Фото Маргариты Макаровой, из личного архива

О моде на выгорание

— Кажется, что выгорание — это новый чёрный. Почему все вдруг о нём заговорили?

— Думаю, потому что долгое время было принято много работать, фигачить что есть сил. Потом вдруг заговорили, что «нужно работать не 12 часов в день, а головой». Но давай посмотрим на программистов — они работают головой и всё равно сваливаются с депрессиями. Видимо, нужно что-то ещё. Что это? Это наши эмоции. Хотим мы или нет, но эмоциональное состояние влияет на нашу эффективность и работоспособность. Если мы говорим о коротком рабочем дне, обычно это означает очень высокую концентрацию нагрузки. Приходит руководитель на четыре часа в день и без остановок проводит встречи, принимает решения, а дальше ему можно просто ложиться и умирать. Но он вроде работал недолго и головой. Короче, мне кажется, люди, и в первую очередь руководители, сейчас стали задумываться о том, как работа влияет на нашу жизнь и как наша жизнь влияет на работу. Хорошо бы, чтобы все чувствовали себя нормально, это просто экономически выгодно. 

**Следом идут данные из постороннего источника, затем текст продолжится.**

(* Let an extended spinor connection on $N$ be given, with spatial covariant differentiation $\nabla$, and let $\mathbf X,\mathbf Y$ be extended vector fields (components $X^i,Y^j$). In every equipped chart define the torsion $T^k_{ij}=\Gamma^k_{ij}-\Gamma^k_{ji}-c^k_{ij}$ and $\mathbf T(\mathbf X,\mathbf Y)^k=\sum_{i,j}T^k_{ij}X^iY^j$. For any function $F$ on the chart of $N$ let $$\mathcal D_iF=\sum_k\Upsilon^k_i\frac{\partial F}{\partial x^k}-\sum_{P=1}^J\sum_{I,J}(L_i\mathbf S[P])^I_J\frac{\partial F}{\partial S[P]^I_J}-\sum_{P=1}^J\sum_{I',J'}(L_i\tau(\mathbf S[P]))^{I'}_{J'}\frac{\partial F}{\partial\tau(S[P])^{I'}_{J'}},$$ and define the curvature components $$\mathfrak R^p_{qij}=\mathcal D_i\mathrm A^p_{j\,q}-\mathcal D_j\mathrm A^p_{i\,q}+\sum_{h=1}^2(\mathrm A^p_{i\,h}\mathrm A^h_{j\,q}-\mathrm A^p_{j\,h}\mathrm A^h_{i\,q})-\sum_{k=0}^3c^k_{ij}\mathrm A^p_{k\,q},$$ $$\bar{\mathfrak R}^p_{qij}=\mathcal D_i\bar{\mathrm A}^p_{j\,q}-\mathcal D_j\bar{\mathrm A}^p_{i\,q}+\sum_{h=1}^2(\bar{\mathrm A}^p_{i\,h}\bar{\mathrm A}^h_{j\,q}-\bar{\mathrm A}^p_{j\,h}\bar{\mathrm A}^h_{i\,q})-\sum_{k=0}^3c^k_{ij}\bar{\mathrm A}^p_{k\,q},$$ $$R^p_{qij}=\mathcal D_i\Gamma^p_{j\,q}-\mathcal D_j\Gamma^p_{i\,q}+\sum_{h=0}^3(\Gamma^p_{i\,h}\Gamma^h_{j\,q}-\Gamma^p_{j\,h}\Gamma^h_{i\,q})-\sum_{k=0}^3c^k_{ij}\Gamma^p_{k\,q}.$$ Let $\mathfrak N^p_q=\sum_{i,j}\mathfrak R^p_{qij}X^iY^j$, $\bar{\mathfrak N}^p_q=\sum_{i,j}\bar{\mathfrak R}^p_{qij}X^iY^j$, $N^p_q=\sum_{i,j}R^p_{qij}X^iY^j$ (extended fields of types $(1,1|0,0|0,0)$, $(0,0|1,1|0,0)$, $(0,0|0,0|1,1)$), and for $Q=1,\dots,J$ put $\mathbf U[Q]=-D(\mathfrak N,\bar{\mathfrak N},\mathbf N)\mathbf S[Q]$, $\bar{\mathbf U}[Q]=-D(\mathfrak N,\bar{\mathfrak N},\mathbf N)\tau(\mathbf S[Q])$. Then, as operators on extended spin-tensorial fields of every type, $$[\nabla_{\mathbf X},\nabla_{\mathbf Y}]=\nabla_{\mathbf U}+\sum_{Q=1}^J\vec\nabla_{\mathbf U[Q]}[Q]+\sum_{Q=1}^J\bar{\vec\nabla}_{\bar{\mathbf U}[Q]}[Q]+D(\mathfrak N,\bar{\mathfrak N},\mathbf N),$$ where $\mathbf U=\nabla_{\mathbf X}\mathbf Y-\nabla_{\mathbf Y}\mathbf X-\mathbf T(\mathbf X,\mathbf Y)$.
   Context: Setting. $M$ is a 4-dimensional oriented, time-polarized space-time manifold with metric of signature $(+,-,-,-)$, with a spinor bundle $SM$. An equipped local chart has coordinates $x^0,\dots,x^3$, a spinor frame $\Psi_1,\Psi_2$ and associated tangent frame $\Upsilon_i=\sum_k\Upsilon^k_i\partial/\partial x^k$ ($i=0,..,3$); $c^k_{ij}$ are defined by $[\Upsilon_i,\Upsilon_j]=\sum_kc^k_{ij}\Upsilon_k$. A spin-tensor of type $(\alpha,\beta|\nu,\gamma|m,n)$ has components $X^{i_1\dots i_\alpha\bar i_1\dots\bar i_\nu h_1\dots h_m}_{j_1\dots j_\beta\bar j_1\dots\bar j_\gamma k_1\dots k_n}$ (spinor indices in $\{1,2\}$, tensor indices in $\{0,..,3\}$). The semilinear map $\tau$ sends type $(\alpha,\beta|\nu,\gamma|m,n)$ to $(\nu,\gamma|\alpha,\beta|m,n)$ by $\tau(S)^{i_1\dots i_\nu\bar i_1\dots\bar i_\alpha h}_{j_1\dots j_\gamma\bar j_1\dots\bar j_\beta k}=\overline{S^{\bar i_1\dots\bar i_\alpha i_1\dots i_\nu h}_{\bar j_1\dots\bar j_\beta j_1\dots j_\gamma k}}$. Composite bundle. Fix types $(\alpha_P,\beta_P|\nu_P,\gamma_P|m_P,n_P)$, $P=1,\dots,J$; $N$ is the direct sum of the corresponding spin-tensor bundles, a point being $q=(p,\mathbf S[1],\dots,\mathbf S[J])$; local coordinates $x^0,..,x^3$ and the components of all $\mathbf S[P]$. An extended spin-tensorial field of a type assigns smoothly to each $q$ a spin-tensor of that type at $\pi(q)$; components are functions of $x$, the components of the $\mathbf S[P]$ and their conjugates. $\partial/\partial S[P]^I_J$ and $\partial/\partial\tau(S[P])^{I'}_{J'}$ are Wirtinger derivatives (sums over $I,J$ resp. $I',J'$ run over all multi-indices of the types of $\mathbf S[P]$ resp. $\tau(\mathbf S[P])$). $\mathbf S[Q]$ and $\tau(\mathbf S[Q])$ are themselves extended fields. Native multivariate differentiations. For $\mathbf Y$ of type $(\alpha_P,\beta_P|\nu_P,\gamma_P|m_P,n_P)$: $\vec\nabla_{\mathbf Y}[P]\mathbf Z=\sum_{I,J}Y^I_J\,\partial\mathbf Z/\partial S[P]^I_J$; for $\mathbf Y$ of type $(\nu_P,\gamma_P|\alpha_P,\beta_P|m_P,n_P)$: $\bar{\vec\nabla}_{\mathbf Y}[P]\mathbf Z=\sum_{I',J'}Y^{I'}_{J'}\,\partial\mathbf Z/\partial\tau(S[P])^{I'}_{J'}$ (componentwise in $\mathbf Z$). Algebraic action and degenerate differentiation. For $2\times2$ matrix functions $a,b$, $4\times4$ matrix function $g$, and $X$ of type $(\varepsilon,\eta|\sigma,\zeta|e,f)$, $L(a,b,g)X$ has components $\sum_{\mu\le\varepsilon}\sum_v a^{a_\mu}_vX^{\dots v\dots}-\sum_{\mu\le\eta}\sum_w a^w_{b_\mu}X_{\dots w\dots}+\sum_{\mu\le\sigma}\sum_v b^{\bar a_\mu}_vX^{\dots v\dots}-\sum_{\mu\le\zeta}\sum_w b^w_{\bar b_\mu}X_{\dots w\dots}+\sum_{\mu\le e}\sum_v g^{c_\mu}_vX^{\dots v\dots}-\sum_{\mu\le f}\sum_w g^w_{d_\mu}X_{\dots w\dots}$ (the $\mu$-th index of the respective group replaced by the summation index). For $\mathfrak S$ of type $(1,1|0,0|0,0)$, $\bar{\mathfrak S}$ of type $(0,0|1,1|0,0)$, $\mathbf S$ of type $(0,0|0,0|1,1)$: $D(\mathfrak S,\bar{\mathfrak S},\mathbf S)X:=L(\mathfrak S,\bar{\mathfrak S},\mathbf S)X$. Extended spinor connection and covariant differentiation. An extended spinor connection is given in each equipped chart by smooth functions (of $x$ and the $\mathbf S[P]$ components and conjugates) $\mathrm A^k_{j\,i}$, $\bar{\mathrm A}^k_{j\,i}$ ($k,i\in\{1,2\}$, $j\in\{0,..,3\}$) and $\Gamma^k_{j\,i}$ ($k,i,j\in\{0,..,3\}$), transforming between charts so that $\nabla$ below is chart-independent. With $L_j:=L(\mathrm A_j,\bar{\mathrm A}_j,\Gamma_j)$, $\mathrm A_j=(\mathrm A^k_{j\,i})_{k,i}$ etc.: $$\nabla_j\mathbf Z=\sum_k\Upsilon^k_j\frac{\partial\mathbf Z}{\partial x^k}-\sum_{P}\sum_{I,J}(L_j\mathbf S[P])^I_J\frac{\partial\mathbf Z}{\partial S[P]^I_J}-\sum_{P}\sum_{I',J'}(L_j\tau(\mathbf S[P]))^{I'}_{J'}\frac{\partial\mathbf Z}{\partial\tau(S[P])^{I'}_{J'}}+L_j\mathbf Z,$$ and $\nabla_{\mathbf X}\mathbf Z=\sum_jX^j\nabla_j\mathbf Z$ for an extended vector field $\mathbf X$ (type $(0,0|0,0|1,0)$). $[A,B]=AB-BA$. *)

(* Everything is formulated in ONE equipped local chart of the composite
   bundle N (the statement is a chart-wise identity of components).       *)
From Stdlib Require Import Reals.
From Coquelicot Require Import Coquelicot.
From mathcomp Require Import all_boot.



Unset Printing Implicit Defensive.

Local Open Scope C_scope.

Record stype := STy { s_al : nat; s_be : nat; s_nu : nat; s_ga : nat;
                      s_m : nat; s_n : nat }.

Definition tau_ty (t : stype) : stype :=
  STy (s_nu t) (s_ga t) (s_al t) (s_be t) (s_m t) (s_n t).

Definition vec_ty : stype := STy 0 0 0 0 1 0.

(* A multi-index of type t: upper undotted spinor indices, lower undotted,
   upper dotted, lower dotted (all in {1,2} = 'I_2), upper tensor, lower
   tensor indices (in {0..3} = 'I_4). *)
Notation midx t :=
  ({ffun 'I_(s_al t) -> 'I_2} * {ffun 'I_(s_be t) -> 'I_2} *
   {ffun 'I_(s_nu t) -> 'I_2} * {ffun 'I_(s_ga t) -> 'I_2} *
   {ffun 'I_(s_m t) -> 'I_4} * {ffun 'I_(s_n t) -> 'I_4})%type.

Definition mk {t : stype} a b c d e f : midx t := (a, b, c, d, e, f).
Definition ia {t : stype} (I : midx t) := I.1.1.1.1.1.
Definition ib {t : stype} (I : midx t) := I.1.1.1.1.2.
Definition ic {t : stype} (I : midx t) := I.1.1.1.2.
Definition id' {t : stype} (I : midx t) := I.1.1.2.
Definition ie {t : stype} (I : midx t) := I.1.2.
Definition if' {t : stype} (I : midx t) := I.2.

— Давай про экономическую выгоду подробно.

— На выгоревших, немотивированных сотрудниках мы теряем деньги: он пришёл, но не работает, а отсиживает часы. У них снижается лояльность, они устают и не приносят прибыли. А если человек в таком состоянии психанул и уволился в один день, сколько мы потом будем искать ему замену, разгребать дела, которые остановились? А психосоматические больничные листы, когда у человека температура 37 постоянно или болит голова, рука, нога непонятно почему — он работать нормально не может, жить не может. Но если это официальная работа, то компания оплачивает больничный, страховку и так далее. Такие потери компании несут постоянно. 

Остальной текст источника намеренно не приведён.